There's a reason Freicoin's demurrage rate is flat: it's not out of laziness or ignorance. It's the best you can do! The only other real option is to track by means of a synthetic asset or prediction market, but that leaves the entire economy vulnerable to collusion and manipulation. But having a fixed demurrage rate doesn't make Freicoin broken - instead of the real nominal interest rate varying between 4-6%, it'll vary between -1% and 1%. This is an improvement. And, sadly, the best that can be done without sacrificing user privacy and/or decentralized control.

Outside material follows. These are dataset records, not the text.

(* Let $\mathcal{R}$ be a finite valuation ring with residue field of cardinality $q$ and with uniformizer of nilpotency degree $r$ (so $|\mathcal{R}|=q^r$). Let $\mathcal{R}^0$ denote the set of non-units of $\mathcal{R}$. Then there is a constant $c>0$ depending only on $r$ such that for every set $A\subset\mathcal{R}$ with $A\cap\mathcal{R}^0=\emptyset$ and $A\cap(\mathcal{R}^0-1)=\emptyset$ (i.e. every $a\in A$ satisfies that $a$ and $a+1$ are units), \[|A(A+1)|\ \ge\ c\min\left\{\sqrt{q^r|A|},\ \frac{|A|^2}{\sqrt{q^{2r-1}}}\right\},\] where $A(A+1)=\{a(b+1):a,b\in A\}$.
   Context: A finite valuation ring is a finite commutative ring with identity that is local (has a unique maximal ideal) and principal (every ideal is principal); its maximal ideal is generated by a non-unit $z$ (a uniformizer), the residue field $\mathcal{R}/(z)$ has $q$ elements, and $r$ is the least integer with $z^r=0$. $\mathcal{R}^0-1=\{t-1:t\in\mathcal{R}^0\}$. *)

From HB Require Import structures.
From mathcomp Require Import all_boot all_order all_algebra.
Set Implicit Arguments. Unset Strict Implicit. Unset Printing Implicit Defensive.
Import Order.TTheory GRing.Theory Num.Theory.
Local Open Scope ring_scope.

Section FVR.
Variable R : finComUnitRingType.

Definition is_ideal (I : {set R}) : Prop :=
  [/\ 0 \in I,
      (forall x y, x \in I -> y \in I -> x + y \in I) &
      (forall a x, x \in I -> a * x \in I)].

Definition pideal (g : R) : {set R} := [set a * g | a : R].

Definition is_maximal_ideal (M : {set R}) : Prop :=
  [/\ is_ideal M, M != setT &
      forall J, is_ideal J -> M \subset J -> J = M \/ J = setT].

Definition is_local : Prop :=
  exists M, is_maximal_ideal M /\ forall M', is_maximal_ideal M' -> M' = M.

Definition is_principal_ring : Prop :=
  forall I, is_ideal I -> exists g, I = pideal g.

Definition finite_valuation_ring : Prop := is_local /\ is_principal_ring.

Definition uniformizer (z : R) : Prop :=
  z \isn't a GRing.unit /\ is_maximal_ideal (pideal z).

(* cardinality of the residue ring R/(z): number of cosets of (z) *)
Definition residue_card (z : R) : nat :=
  #|[set [set x + m | m in pideal z] | x : R]|.

Definition nil_degree (z : R) (r : nat) : Prop :=
  z ^+ r = 0 /\ forall k, (k < r)%N -> z ^+ k != 0.

Definition prodshift (A : {set R}) : {set R} :=
  [set a * (b + 1) | a in A, b in A].

End FVR.

From HB Require Import structures.
From mathcomp Require Import all_boot all_order all_algebra.
From mathcomp Require Import all_reals.
From mathcomp Require Import ring lra.
Import Order.TTheory GRing.Theory Num.Theory.
Local Open Scope ring_scope.
Set Implicit Arguments. Unset Strict Implicit. Unset Printing Implicit Defensive.

(* Let P = A(A+1). For b, c in A, the line y = ((b+1)/c) x - (b+1) of R^2 passes
   through the point (c(a+1), a(b+1)) of P x P for every a in A, so these |A|^2
   lines have at least |A|^3 incidences with P x P. Conversely, two lines whose
   slopes differ by a unit meet at most once, and for a fixed line the lines whose
   slopes differ from its slope by a non-unit share at most |R| |R^0| points with
   it in total. This bounds the second moment of the number of lines through a
   point, and Cauchy-Schwarz gives
     (|R| I - |P|^2 |L|)^2 <= |P|^2 |R|^3 |L| |R^0|
   for the number I of incidences. As R^0 = (z) has index q in R, |R| = q^r and
   |R^0| <= q^(r-1); together with I >= |A|^3 this yields the bound with c = 1/2. *)

Lemma card_uniform_fibers (T Y : finType) (D : {pred T}) (F : T -> Y) m :
  (forall x, x \in D -> #|[set y in D | F y == F x]| = m) ->
  #|D| = (#|[set F x | x in D]| * m)%N.
Proof.
move=> Fm; rewrite -sum1_card (partition_big_imset F) /= -sum_nat_const.
apply: eq_bigr => _ /imsetP[x xD ->].
by rewrite -(Fm x xD) -sum1_card; apply: eq_bigl => y; rewrite inE.
Qed.

Section PrincipalIdeals.
Variable R : finComUnitRingType.
Implicit Types a g x y : R.

Lemma pidealP g x : reflect (exists a, x = a * g) (x \in pideal g).
Proof. by apply: (iffP imsetP) => -[a]; exists a. Qed.

Lemma pidealM g a : a * g \in pideal g.
Proof. by apply/pidealP; exists a. Qed.

Lemma pideal0 g : 0 \in pideal g.
Proof. by rewrite -(mul0r g) pidealM. Qed.

Lemma pidealD g x y : x \in pideal g -> y \in pideal g -> x + y \in pideal g.
Proof. by move=> /pidealP[a ->] /pidealP[b ->]; rewrite -mulrDl pidealM. Qed.

Lemma pidealN g x : x \in pideal g -> - x \in pideal g.
Proof. by move=> /pidealP[a ->]; rewrite -mulNr pidealM. Qed.

Lemma pideal_zero : pideal (0 : R) = [set 0].
Proof.
by apply/setP => x; rewrite inE; apply/pidealP/eqP => [[a ->]|->]; [|exists 0]; rewrite mulr0.
Qed.

Lemma pideal_one : pideal (1 : R) = [set: R].
Proof. by apply/setP => x; rewrite inE; apply/pidealP; exists x; rewrite mulr1. Qed.

Lemma pidealXS_subset g k : pideal (g ^+ k.+1) \subset pideal (g ^+ k).
Proof. by apply/subsetP => _ /pidealP[a ->]; rewrite exprS mulrA pidealM. Qed.

Definition pideal2 g g' : {set R} := [set a * g + b * g' | a : R, b : R].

Perhaps I was a bit hasty in my discussion of Freicoin previously. If you could get an interest rate of -1% to 1% then without demurrage that would be an unambiguous improvement, since it represents a lessening of the inflation tax on holding money. However, doing it via demurrage is just replacing the inflation tax on holding money with an explicit demurrage tax. The fact it's explicit makes it marginally preferable, but the economic distortion is still there. People have to hold money to perform transactions, but they're penalised in doing so by the presence of inflation/demurrage.
Freicoin doesn't target 0% price inflation and that's probably impossible for a scarce currency. It targets 0% real interests, since 0% capital yields would mean the lowest profits and thus the lowest possible prices for consumers.
The constant 5% demurrage was recommended by Silvio Gesell based on
historical data about real interest rates.
People need to hold money to perform transactions but:
1) They don't need hold big quantities. Thus they don't need to pay high costs.
2) They use 0% interest/0% demurrage mutual credit money like LETS systems or the Swiss WIR.
3) Holding cash-like scarce money (thus without default risks) represents an insurance against uncertainty, a "liquidity premium". Not paying for it is an externality that causes the basic interest and thus higher consumer prices, monetary cycles and encourages less investment.
If you want a 100% stable unit of account, it is completely possible and not hard to implement. Just define it (for example, as a basket of globally traded commodities) and use it as denomination for credit-based currencies. Like Lietaer's Terra but without the backing itself (Thomas Greco agrees that the unit without a scarce currency is better).
As an aside, the primary function of proof of work is not distributing the monetary seigniorage but securing the network!
Something proof of stake doesn't seem to provide so far.